Our next three sessions were in person until recently when Covid 19 started ravaging New York City. I was relieved to switch to phone and not have to go there during these scary times and was also concerned about the workers’ safety.
In the beginning of our appointment we caught up on the procedures. She informed me that she had brought on more staff that were good and mentioned a woman’s name.
Mid sentence, I started hearing the same sound. This time, I didn’t hesitate. “Are you typing?”
“Yes, so sorry. My boss is sending me emails I must respond to.”
I wondered didn’t he know she was also seeing patients. Wouldn’t he understand if her response was delayed until she was done?

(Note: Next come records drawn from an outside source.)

Theorem corollary1 (R : realType) (S : Type) (n k : nat) (M : model R S k)
  (P0 : {ffun 'I_n -> bool} -> R)
  (V : 'I_n.+1 -> S -> R) (gr_star gd_star : 'I_n.+1 -> S -> 'I_k) :
  (0 < n)%N -> (0 < k)%N ->
  0 < dem_p M < 1 ->
  0 < disc M < 1 ->
  (forall s u, 0 <= alpha M s u <= 1) ->
  (forall s u (j : 'I_n.+1), 0 < deliv M s u (mval R j) <= 1) ->
  (forall s u (j : 'I_n.+1), 0 <= c_res M s u (1 - mval R j)) ->
  (forall s u (j : 'I_n.+1), 0 <= c_dem M s u (mval R j)) ->
  (forall (j : 'I_n.+1) th, 0 <= th <= 1 -> 0 <= dist M (mval R j) th) ->
  (forall s, 0 <= h_traj M s <= 1) ->
  (forall x, 0 <= P0 x) -> \sum_x P0 x = 1 ->
  (* V is the (bounded) solution of the dynamic program *)
  (exists B : R, forall j s, `|V j s| <= B) ->
  (forall j s, (forall gr gd, V j s <= bellman_rhs M V j s gr gd) /\
               exists gr gd, V j s = bellman_rhs M V j s gr gd) ->
  (* (gr_star, gd_star) is a minimizer *)
  (forall j s gr gd, bellman_rhs M V j s (gr_star j s) (gd_star j s)
                     <= bellman_rhs M V j s gr gd) ->
  forall g : strategy n k, (J M P0 (g_star M gr_star gd_star) <= J M P0 g)%E.
Proof.
move=> n_gt0 _ /andP[p_gt0 p_lt1] /andP[disc_gt0 disc_lt1] alpha01 deliv_pos
  c_res_ge0 c_dem_ge0 dist_ge0 h_traj01 P0_ge0 P0_sum1 [B V_bounded] V_bellman rhs_min g.
have dem_p01 : 0 <= dem_p M <= 1 by rewrite !ltW.
have deliv01 s u (j : 'I_n.+1) : 0 <= deliv M s u (mval R j) <= 1.
  by have /andP[q_gt0 q_le1] := deliv_pos s u j; rewrite ltW.
have disc01 : 0 <= disc M < 1 by rewrite ltW.
have V_sub : bellman_subsolution M V := fun j s => (V_bellman j s).1.
have g_star_greedy := g_star_bellman_greedy V_sub (fun j s => (V_bellman j s).2) rhs_min.
rewrite /J (eseries_eq_of_geometric_bound disc01 (discounted_Ecost_dist dem_p01 alpha01
  deliv01 n_gt0 P0_ge0 P0_sum1 V_bounded (ltW disc_gt0) g_star_greedy)).
apply: (eseries_ge_of_geometric_bound disc01) => [t|N].
  by rewrite mulr_ge0 ?exprn_ge0 ?(ltW disc_gt0) ?(Ecost_ge0 dem_p01 alpha01 deliv01
    c_res_ge0 c_dem_ge0 dist_ge0 h_traj01 g t P0_ge0).
exact: (discounted_Ecost_ge dem_p01 alpha01 deliv01 g n_gt0 P0_ge0 P0_sum1 V_bounded
  (ltW disc_gt0) V_sub).
Qed.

Having grown up feeling ignored and invisible, my therapist’s distractions while in session with me were not helping.
The time wasn’t even up when I started saying my good-bye. “Okay, so same time next week?” I asked.
“Let me see.” She paused and continued, “Yes, that works.”
I responded, “And if you find yourself too busy with all your admin work on your plate, I’m okay passing me off to the new woman who started.”
There was a pause before she responded, “Okay”.
As much as I would love to have a therapist who is not preoccupied or brings her issues into the session, my priority now is to avoid getting Covid 19 virus, staying healthy and helping others. When we’re no longer in isolation, I’ll find someone who is both skilled and can focus on doing a deep dive with me.